Project 6: Image Warping and Mosaicing

Sudeep Dasari (cs194-26-aae)



Part A

Overview

The the first half of this project's main goal is to explore image mosaicing by warping images taken from different points of view into the same coordinate space. After taking digital images keypoints are manually annotated by the user, a homography is computed, and then used to transform the images (using a projective warp) into the same coordinate frame. Finally, the transformed images are composited to create the final result.



Computing Homographies

Computing the homography is a two-step process: first the user finds and marks the same keypoint in each image, and then a projective transformation between the two sets of points is computed. Given a pair of points (x, y) and (x’, y’) the following equations can be written:

x’ = ax + bx + c – gxx’ – hyx’

y’ = dx + ey + f – gxy’ – hyy’

For n points, the solution to the system of 2n equations can be approximated using least squares regression.

Image Rectification

The computed homographies can be used for a cool application: rectifying images! In this example a picture of tiled flooring is taken from a slanted viewpoint, so the tile no longer looks square. A homography between the original image space and a top down view of the square tile is computed, and the image is warped into those coordinates. From this viewpoint the square shape of the tiles is clearly visible!

Original Tiles Source
Rectified Image

Image Mosiacing

Mosaics are computed by computing homographies between the images, and warping them into a shared coordinate space. At this point the geometry of the images are overlaid, but – unfortunately - the colors are slightly different because of my phone camera’s automatic exposure settings. In order to alleviate this the image are composited with multi-resolution blending. The final result has a much less obvious seam.



Golden State Park Mosiac

Image One
Image Two
Final Mosiac


Cal Academy of Science Mosiac

Image One
Image Two
Final Mosiac


Part B

Overview

The second half of the project seeks to automate the painful process of manually annotating keypoints in images. Keypoints are now automatically detected in images using the Harris corner detector. The image points are first spatially filtered and then matched using a simple feature descriptor. These matched pairs are then used to compute a homography. Since small changes in keypoints can make huge differences in computed homographies, RANSAC is employed to compute the 'best' homography. Images are then warped and then blended with a 2-layer Laplacian pyramid to create the final result.

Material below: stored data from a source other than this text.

(* Let $1\le p\le2$, $A\in\mathbb{R}^{m\times n}$, let $\bar{x}\in\mathbb{R}^n$ have exactly $S\ge1$ nonzero groups, $b:=A\bar{x}$, and suppose the $(p,1/2)$-GREC$(S,S)$ holds. Let $\lambda>0$ and let $x^*$ be a global minimizer of $\|Ax-b\|_2^2+\lambda\|x\|_{p,1/2}^{1/2}$. Then $\|x^*-\bar{x}\|_2^2\le 2\lambda^{4/3}S/\phi_{p,1/2}^{8/3}(S,S)$; in particular $\|x^*-\bar{x}\|_2^2=O(\lambda^{4/3}S)$.
   Context: Group structure: $\{1,\dots,n\}$ is partitioned into disjoint nonempty index sets $\mathcal{G}_1,\dots,\mathcal{G}_r$; $x_{\mathcal{G}_i}$ is the subvector indexed by $\mathcal{G}_i$. For $\mathcal{J}\subseteq\{1,\dots,r\}$, $\|x_{\mathcal{G}_{\mathcal{J}}}\|_{p,q}:=(\sum_{i\in\mathcal{J}}\|x_{\mathcal{G}_i}\|_p^q)^{1/q}$ and $\|x\|_{p,q}:=\|x_{\mathcal{G}_{\{1,\dots,r\}}}\|_{p,q}$. For $\mathcal{J}\subseteq\{1,\dots,r\}$ and integer $N$, $\mathcal{J}(x;N)$ is the set of the $N$ indices $i\in\mathcal{J}^c$ with the largest $\|x_{\mathcal{G}_i}\|_p$ (ties broken arbitrarily). $\phi_{p,q}(S,N):=\inf\{\|Ax\|_2/\|x_{\mathcal{G}_{\mathcal{N}}}\|_{p,2}: x\ne0,\ |\mathcal{J}|\le S,\ \|x_{\mathcal{G}_{\mathcal{J}^c}}\|_{p,q}\le\|x_{\mathcal{G}_{\mathcal{J}}}\|_{p,q},\ \mathcal{N}=\mathcal{J}(x;N)\cup\mathcal{J}\}$; the $(p,q)$-GREC$(S,N)$ holds if $\phi_{p,q}(S,N)>0$. *)

From Stdlib Require Import Reals List Arith.
Import ListNotations.
Open Scope R_scope.

(* x^y for x >= 0, y > 0, with the convention 0^y = 0 (Stdlib's Rpower 0 y = 1). *)
Definition rpow (x y : R) : R := if Rlt_dec 0 x then Rpower x y else 0.

Definition rsum (l : list nat) (f : nat -> R) : R :=
  fold_right (fun i acc => f i + acc) 0 l.

(* Group structure: coordinate j (< n) belongs to group G_(g j), groups indexed 0..r-1.
   This encodes a partition of {0..n-1} into r disjoint nonempty sets. *)
Definition is_group_partition (n r : nat) (g : nat -> nat) : Prop :=
  (forall j, (j < n)%nat -> (g j < r)%nat) /\
  (forall i, (i < r)%nat -> exists j, (j < n)%nat /\ g j = i).

Definition gnorm (p : R) (n : nat) (g : nat -> nat) (x : nat -> R) (i : nat) : R :=
  rpow (rsum (filter (fun j => Nat.eqb (g j) i) (seq 0 n))
             (fun j => rpow (Rabs (x j)) p)) (/ p).

Definition gpq (p q : R) (n : nat) (g : nat -> nat) (x : nat -> R) (J : list nat) : R :=
  rpow (rsum J (fun i => rpow (gnorm p n g x i) q)) (/ q).

Definition gpq_full (p q : R) (n r : nat) (g : nat -> nat) (x : nat -> R) : R :=
  gpq p q n g x (seq 0 r).

Definition compl (r : nat) (J : list nat) : list nat :=
  filter (fun i => negb (existsb (Nat.eqb i) J)) (seq 0 r).

Definition is_topN (p : R) (n r : nat) (g : nat -> nat) (x : nat -> R)
    (J : list nat) (N : nat) (T : list nat) : Prop :=
  NoDup T /\ incl T (compl r J) /\ length T = Nat.min N (length (compl r J)) /\
  (forall i k, In i T -> In k (compl r J) -> ~ In k T ->
     gnorm p n g x k <= gnorm p n g x i).

Definition matvec (n : nat) (A : nat -> nat -> R) (x : nat -> R) : nat -> R :=
  fun i => rsum (seq 0 n) (fun j => A i j * x j).

Definition norm2sq (k : nat) (y : nat -> R) : R := rsum (seq 0 k) (fun i => y i ^ 2).
Definition norm2 (k : nat) (y : nat -> R) : R := sqrt (norm2sq k y).

Definition grec_vals (p q : R) (m n r : nat) (g : nat -> nat) (A : nat -> nat -> R)
    (S N : nat) (v : R) : Prop :=
  exists (x : nat -> R) (J T : list nat),
    (exists j, (j < n)%nat /\ x j <> 0) /\
    NoDup J /\ (forall i, In i J -> (i < r)%nat) /\ (length J <= S)%nat /\
    gpq p q n g x (compl r J) <= gpq p q n g x J /\
    is_topN p n r g x J N T /\
    v = norm2 m (matvec n A x) / gpq p 2 n g x (J ++ T).

Definition is_glb (E : R -> Prop) (l : R) : Prop :=
  (forall v, E v -> l <= v) /\ (forall l', (forall v, E v -> l' <= v) -> l' <= l).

Part 1: Harris Corner Extraction

The first step in the automatic image warping process is to extract keypoints with the Harris corner detector. Here is an image with extracted keypoints overlaid in red.

Harris Points Overlaid

Part 2: Adaptive Non-Maximal Suppression

A lot of keypoints are detected in part 1. Some of these points are of dubious quality and many of the points are clustered tightly together. Ideally, the extracted points would be meaningful and spread across the image. In order to realize this it is necessary to now spatially filter the points. Each point is scored by the smallest distance between it and another point whose Harris strength is a constant factor (in my case 0.9) times the original point's Harris strength. The 2000 points with the largest scores are outputted. Below is an image with spatially filtered points. Note how the points are spread across the image and relatively distinctive.

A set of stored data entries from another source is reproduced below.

(* Let $(X,\tau,I)$ be a $*$-extremally disconnected ideal topological space and $\gamma$ an operation on $\tau$ such that $(X,\tau)$ is $\gamma$-regular. For $V\subseteq X$ the following are equivalent: (1) $V$ is $\gamma$-open; (2) $V$ is $\alpha$-$I$-open and locally closed; (3) $V$ is pre-$\gamma$-$I$-open and locally closed; (4) $V$ is pre-$I$-open and locally closed; (5) $V$ is semi-$I$-open and locally closed; (6) $V$ is $b$-$I$-open and locally closed.
   Context: Let $(X,\tau)$ be a topological space; $Cl$ and $Int$ denote closure and interior in $\tau$. An ideal on $X$ is a nonempty family $I$ of subsets of $X$ such that $A\in I$, $B\subseteq A$ imply $B\in I$, and $A,B\in I$ imply $A\cup B\in I$; $(X,\tau,I)$ is then called an ideal topological space. An operation on $\tau$ is a map $\gamma:\tau\to P(X)$ with $V\subseteq\gamma(V)$ for all $V\in\tau$. A subset $A\subseteq X$ is $\gamma$-open if for every $x\in A$ there is $U\in\tau$ with $x\in U$ and $\gamma(U)\subseteq A$; $\tau_\gamma$ denotes the family of $\gamma$-open sets (so $\tau_\gamma\subseteq\tau$), and complements of $\gamma$-open sets are $\gamma$-closed. $\tau_\gamma\text{-}Int(A)$ is the union of all $\gamma$-open sets contained in $A$, and $\tau_\gamma\text{-}Cl(A)$ is the intersection of all $\gamma$-closed sets containing $A$. The local function of $A$ is $A^*=\{x\in X: U\cap A\notin I \text{ for every } U\in\tau \text{ with } x\in U\}$, and $Cl^*(A)=A\cup A^*$ (the closure operator of a topology $\tau^*$ finer than $\tau$). A subset $A$ is pre-$\gamma$-$I$-open if $A\subseteq \tau_\gamma\text{-}Int(Cl^*(A))$. The space $(X,\tau)$ is $\gamma$-regular if for each $x\in X$ and each open $V$ containing $x$ there is an open $U$ containing $x$ with $\gamma(U)\subseteq V$ (equivalently, $\tau_\gamma=\tau$). $(X,\tau,I)$ is $*$-extremally disconnected if $Cl^*(V)$ is open for every open $V\subseteq X$ (equivalently, $Cl^*(Int(V))\subseteq Int(Cl^*(V))$ for every $V\subseteq X$). A set $A$ is: $\alpha$-$I$-open if $A\subseteq Int(Cl^*(Int(A)))$; pre-$I$-open if $A\subseteq Int(Cl^*(A))$; semi-$I$-open if $A\subseteq Cl^*(Int(A))$; $b$-$I$-open if $A\subseteq Int(Cl^*(A))\cup Cl^*(Int(A))$; locally closed if $A=U\cap K$ for some open $U$ and some closed $K$ in $(X,\tau)$. *)

From Stdlib Require Import Classical.

Section Defs.
Variable X : Type.
Definition set := X -> Prop.

Definition subset (A B : set) : Prop := forall x, A x -> B x.
Definition set_eq (A B : set) : Prop := forall x, A x <-> B x.
Definition inter (A B : set) : set := fun x => A x /\ B x.
Definition union (A B : set) : set := fun x => A x \/ B x.
Definition compl (A : set) : set := fun x => ~ A x.
Definition empty : set := fun _ => False.
Definition full : set := fun _ => True.

Definition is_topology (tau : set -> Prop) : Prop :=
  tau empty /\ tau full /\
  (forall F : set -> Prop, (forall U, F U -> tau U) ->
      tau (fun x => exists U, F U /\ U x)) /\
  (forall U V, tau U -> tau V -> tau (inter U V)).

Definition is_ideal (I : set -> Prop) : Prop :=
  (exists A, I A) /\
  (forall A B, I A -> subset B A -> I B) /\
  (forall A B, I A -> I B -> I (union A B)).

Definition is_operation (tau : set -> Prop) (gamma : set -> set) : Prop :=
  forall V, tau V -> subset V (gamma V).

Definition is_closed (tau : set -> Prop) (K : set) : Prop := tau (compl K).

Definition Int (tau : set -> Prop) (A : set) : set :=
  fun x => exists U, tau U /\ subset U A /\ U x.
Definition Cl (tau : set -> Prop) (A : set) : set :=
  fun x => forall K, is_closed tau K -> subset A K -> K x.

Definition gamma_open (tau : set -> Prop) (gamma : set -> set) (A : set) : Prop :=
  forall x, A x -> exists U, tau U /\ U x /\ subset (gamma U) A.

Definition gamma_Int (tau : set -> Prop) (gamma : set -> set) (A : set) : set :=
  fun x => exists U, gamma_open tau gamma U /\ subset U A /\ U x.

Definition local_fun (tau : set -> Prop) (I : set -> Prop) (A : set) : set :=
  fun x => forall U, tau U -> U x -> ~ I (inter U A).

Definition Clstar (tau : set -> Prop) (I : set -> Prop) (A : set) : set :=
  union A (local_fun tau I A).

Definition pre_gamma_I_open tau I gamma (A : set) : Prop :=
  subset A (gamma_Int tau gamma (Clstar tau I A)).

Definition gamma_regular (tau : set -> Prop) (gamma : set -> set) : Prop :=
  forall x V, tau V -> V x -> exists U, tau U /\ U x /\ subset (gamma U) V.

Definition star_extremally_disconnected (tau : set -> Prop) (I : set -> Prop) : Prop :=
  forall V, tau V -> tau (Clstar tau I V).

Definition alpha_I_open tau I (A : set) : Prop :=
  subset A (Int tau (Clstar tau I (Int tau A))).
Definition pre_I_open tau I (A : set) : Prop :=
  subset A (Int tau (Clstar tau I A)).
Definition semi_I_open tau I (A : set) : Prop :=
  subset A (Clstar tau I (Int tau A)).
Definition b_I_open tau I (A : set) : Prop :=
  subset A (union (Int tau (Clstar tau I A)) (Clstar tau I (Int tau A))).

Definition locally_closed (tau : set -> Prop) (A : set) : Prop :=
  exists U K, tau U /\ is_closed tau K /\ set_eq A (inter U K).
End Defs.

Arguments subset {X}. Arguments set_eq {X}. Arguments inter {X}.
Arguments union {X}. Arguments compl {X}. Arguments empty {X}. Arguments full {X}.
Arguments is_topology {X}. Arguments is_ideal {X}. Arguments is_operation {X}.
Arguments is_closed {X}. Arguments Int {X}. Arguments Cl {X}.
Arguments gamma_open {X}. Arguments gamma_Int {X}. Arguments local_fun {X}.
Arguments Clstar {X}. Arguments pre_gamma_I_open {X}. Arguments gamma_regular {X}.
Arguments star_extremally_disconnected {X}. Arguments alpha_I_open {X}.
Arguments pre_I_open {X}. Arguments semi_I_open {X}. Arguments b_I_open {X}.
Arguments locally_closed {X}.

(* In a *-extremally disconnected space, [Cl*(Int A) ⊆ Int(Cl* A)], so each
   of the five generalized openness notions implies pre-I-openness; and a
   locally closed pre-I-open set [V = U ∩ K] is open, because [Cl* V ⊆ K]
   gives [V = U ∩ Int(Cl* V)].  Conversely open sets have all five
   properties, and under γ-regularity the γ-open sets are exactly the open
   sets. *)
From Stdlib Require Import Classical FunctionalExtensionality PropExtensionality.

Section IdealTopology.
Variable X : Type.
Variable tau : set X -> Prop.
Variable I : set X -> Prop.
Hypothesis Htop : is_topology tau.
Hypothesis Hid : is_ideal I.

Lemma open_of_nbhds (V : set X) :
  (forall x, V x -> exists U, tau U /\ U x /\ subset U V) -> tau V.
Proof.
  intros Hnbhd. destruct Htop as (_ & _ & Hunion & _).
  assert (HV : (fun x => exists U, (tau U /\ subset U V) /\ U x) = V).
  { apply functional_extensionality; intro x; apply propositional_extensionality.
    split.
    - intros (U & (_ & sUV) & Ux). exact (sUV x Ux).
    - intros Vx. destruct (Hnbhd x Vx) as (U & tU & Ux & sUV). eauto. }
  rewrite <- HV. apply (Hunion (fun U => tau U /\ subset U V)). tauto.
Qed.

Lemma open_Int (A : set X) : tau (Int tau A).
Proof.
  apply open_of_nbhds. intros x (U & tU & sUA & Ux).
  exists U; repeat split; auto. intros y Uy. exists U; auto.
Qed.

Lemma Int_sub (A : set X) : subset (Int tau A) A.
Proof. intros x (U & _ & sUA & Ux). auto. Qed.

Lemma Int_mono (A B : set X) : subset A B -> subset (Int tau A) (Int tau B).
Proof.
  intros sAB x (U & tU & sUA & Ux). exists U; repeat split; auto.
  intros y Uy; auto.
Qed.

Lemma open_sub_Int (A : set X) : tau A -> subset A (Int tau A).
Proof. intros tA x Ax. exists A; repeat split; auto. intros y Ay; exact Ay. Qed.

Lemma sub_Clstar (A : set X) : subset A (Clstar tau I A).
Proof. intros x Ax. left; exact Ax. Qed.

Lemma Clstar_mono (A B : set X) :
  subset A B -> subset (Clstar tau I A) (Clstar tau I B).
Proof.
  intros sAB x [Ax | HAx]; [left; auto | right].
  intros U tU Ux HUB. apply (HAx U tU Ux).
  destruct Hid as (_ & Hdown & _). apply (Hdown _ _ HUB).
  intros y [Uy Ay]. split; auto.
Qed.

(* [Cl*] lies below the closure, since the complement of a closed [K ⊇ A]
   meets [A] in the empty set, which belongs to every ideal. *)
Lemma Clstar_sub_closed (A K : set X) :
  is_closed tau K -> subset A K -> subset (Clstar tau I A) K.
Proof.
  intros cK sAK x [Ax | HAx]; [auto |].
  apply NNPP; intro nKx. apply (HAx (compl K) cK nKx).
  destruct Hid as ((B & IB) & Hdown & _). apply (Hdown _ _ IB).
  intros y [nKy Ay]. exfalso; exact (nKy (sAK y Ay)).
Qed.

Lemma closed_full : is_closed tau full.
Proof. apply open_of_nbhds. intros x nx. exfalso; apply nx; exact Logic.I. Qed.

Lemma open_locally_closed (V : set X) : tau V -> locally_closed tau V.
Proof.
  intros tV. exists V, full. repeat split; auto using closed_full.
  intros [Vx _]; exact Vx.
Qed.

Lemma pre_I_open_locally_closed_open (V : set X) :
  pre_I_open tau I V -> locally_closed tau V -> tau V.
Proof.
  intros Hpre (U & K & tU & cK & HV). apply open_of_nbhds. intros x Vx.
  destruct (Hpre x Vx) as (W & tW & sW & Wx).
  destruct Htop as (_ & _ & _ & Hinter).
  assert (sVK : subset V K) by (intros y Vy; apply (HV y) in Vy; destruct Vy; auto).
  exists (inter U W). repeat split; auto.
  - apply (HV x) in Vx. destruct Vx; auto.
  - intros y [Uy Wy]. apply (HV y). split; auto.
    exact (Clstar_sub_closed V K cK sVK y (sW y Wy)).
Qed.

Lemma open_pre_I_open (V : set X) : tau V -> pre_I_open tau I V.
Proof. intros tV x Vx. exists V; repeat split; auto using sub_Clstar. Qed.

Lemma open_alpha_I_open (V : set X) : tau V -> alpha_I_open tau I V.
Proof.
  intros tV x Vx. apply (Int_mono (Clstar tau I V)).
  - apply Clstar_mono, open_sub_Int, tV.
  - exact (open_pre_I_open V tV x Vx).
Qed.

Lemma alpha_I_open_pre_I_open (V : set X) : alpha_I_open tau I V -> pre_I_open tau I V.
Proof.
  intros Halpha x Vx. apply (Int_mono (Clstar tau I (Int tau V))).
  - apply Clstar_mono, Int_sub.
  - exact (Halpha x Vx).
Qed.

Lemma open_semi_I_open (V : set X) : tau V -> semi_I_open tau I V.
Proof. intros tV x Vx. left; exact (open_sub_Int V tV x Vx). Qed.

Lemma open_b_I_open (V : set X) : tau V -> b_I_open tau I V.
Proof. intros tV x Vx. left; exact (open_pre_I_open V tV x Vx). Qed.

Lemma open_iff_locally_closed (P : set X -> Prop) (V : set X) :
  (forall A, tau A -> P A) -> (forall A, P A -> pre_I_open tau I A) ->
  tau V <-> P V /\ locally_closed tau V.
Proof.
  intros HopenP HPpre. split.
  - intros tV. split; auto using open_locally_closed.
  - intros [PV lcV]. exact (pre_I_open_locally_closed_open V (HPpre V PV) lcV).
Qed.

Section StarExtremallyDisconnected.
Hypothesis Hed : star_extremally_disconnected tau I.

Lemma Clstar_Int_sub_Int_Clstar (A : set X) :
  subset (Clstar tau I (Int tau A)) (Int tau (Clstar tau I A)).
Proof.
  intros x Hx. exists (Clstar tau I (Int tau A)). repeat split; auto.
  - apply Hed, open_Int.
  - apply Clstar_mono, Int_sub.
Qed.

Lemma semi_I_open_pre_I_open (V : set X) : semi_I_open tau I V -> pre_I_open tau I V.
Proof. intros Hsemi x Vx. exact (Clstar_Int_sub_Int_Clstar V x (Hsemi x Vx)). Qed.

Lemma b_I_open_pre_I_open (V : set X) : b_I_open tau I V -> pre_I_open tau I V.
Proof.
  intros Hb x Vx. destruct (Hb x Vx) as [Hpre | Hsemi]; auto.
  exact (Clstar_Int_sub_Int_Clstar V x Hsemi).
Qed.

End StarExtremallyDisconnected.

Section Operation.
Variable gamma : set X -> set X.
Hypothesis Hop : is_operation tau gamma.

Lemma gamma_open_open (A : set X) : gamma_open tau gamma A -> tau A.
Proof.
  intros HA. apply open_of_nbhds. intros x Ax.
  destruct (HA x Ax) as (U & tU & Ux & sUA).
  exists U; repeat split; auto. intros y Uy. exact (sUA y (Hop U tU y Uy)).
Qed.

Lemma pre_gamma_I_open_pre_I_open (V : set X) :
  pre_gamma_I_open tau I gamma V -> pre_I_open tau I V.
Proof.
  intros Hpre x Vx. destruct (Hpre x Vx) as (U & gU & sU & Ux).
  exists U; repeat split; auto using gamma_open_open.
Qed.

Hypothesis Hreg : gamma_regular tau gamma.

Lemma open_gamma_open (A : set X) : tau A -> gamma_open tau gamma A.
Proof. intros tA x Ax. exact (Hreg x A tA Ax). Qed.

Lemma gamma_open_iff_open (A : set X) : gamma_open tau gamma A <-> tau A.
Proof. split; auto using gamma_open_open, open_gamma_open. Qed.

Lemma open_pre_gamma_I_open (V : set X) : tau V -> pre_gamma_I_open tau I gamma V.
Proof.
  intros tV x Vx. exists V; repeat split; auto using open_gamma_open, sub_Clstar.
Qed.

End Operation.
End IdealTopology.

Theorem theorem3p35 (X : Type) (tau : set X -> Prop) (I : set X -> Prop)
  (gamma : set X -> set X)
  (Htop : is_topology tau) (Hid : is_ideal I) (Hop : is_operation tau gamma)
  (Hed : star_extremally_disconnected tau I) (Hreg : gamma_regular tau gamma)
  (V : set X) :
  (gamma_open tau gamma V <-> alpha_I_open tau I V /\ locally_closed tau V) /\
  (gamma_open tau gamma V <-> pre_gamma_I_open tau I gamma V /\ locally_closed tau V) /\
  (gamma_open tau gamma V <-> pre_I_open tau I V /\ locally_closed tau V) /\
  (gamma_open tau gamma V <-> semi_I_open tau I V /\ locally_closed tau V) /\
  (gamma_open tau gamma V <-> b_I_open tau I V /\ locally_closed tau V).
Proof.
  rewrite (gamma_open_iff_open X tau Htop gamma Hop Hreg V).
  split; [|split; [|split; [|split]]]; apply (open_iff_locally_closed X tau I Htop Hid); auto.
  - apply open_alpha_I_open; auto.
  - apply alpha_I_open_pre_I_open; auto.
  - apply open_pre_gamma_I_open; auto.
  - apply pre_gamma_I_open_pre_I_open; auto.
  - apply open_pre_I_open.
  - apply open_semi_I_open.
  - apply semi_I_open_pre_I_open; auto.
  - apply open_b_I_open.
  - apply b_I_open_pre_I_open; auto.
Qed.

Top 2000 Suppressed Points

Part 3: Descriptor Extraction and Matching

Now that keypoints are found in each image a descriptors are extracted for each point. These descriptors are used to match keypoints between two images. To compute a keypoint's descriptor a 40x40 square centered on the keypoint is extracted, blurred and downsampled to 8x8, and then reshaped into a length 64 vector. The vector is then bias and gain normalized.

Each keypoint in an image is then matched to the set of keypoints in the other image. The SSD between the keypoint and every keypoint in the other image is computed. If lowest SSD match has a SSD less than a constant factor (in my case 0.65) times the SSD of the second best match, it is accepted and the keypoints in the two images are matched. Otherwise, the keypoint will be discarded as having no matches in the other image.

Part 4: RANSAC

Now that matches are found the final step is to compute a possible homography. Since least squares homography matching is quite sensitive and the matches often times have errors, it is necessary to compute homography estimates in a more robust way. The RANSAC algorithm is used for this. Four matches are sampled at random and an exact homography is computed. For each of the other matches the point in the first image is warped using the homography and if the distance between the match's second image point is less than one pixel from the warped point it is counted as an inlier. The homography with the most inliers is returned as final homography.

Generated Mosiacs



Golden State Park

Look above to part A for original images. The manual warp is about as good as the automatic, but takes much less time to make.

Blended Automatically
Blended Manually


House

Image One
Image Two
Final Mosiac


Indian Rock

Image One
Image Two
Final Mosiac


Live Oak Park

Image One
Image Two
Final Mosiac

Lessons Learned

I learned how to register images in 3D. Going in I really underestimated the amount of effort required to manually annotate and stitch the images. This project used concepts from the entire course (aka blending and warping), and I thought it was interesting how everything came together at the end.

I was really amazed at how well the automated filtering and RANSAC system worked. I didn't even implement the multi-scale descriptors, and the system far out-did my manual annotation attempts (I wasn't very good at picking keypoints). I also learned various types of transforms (affine, projective, etc.) and how to generate perspective renderings.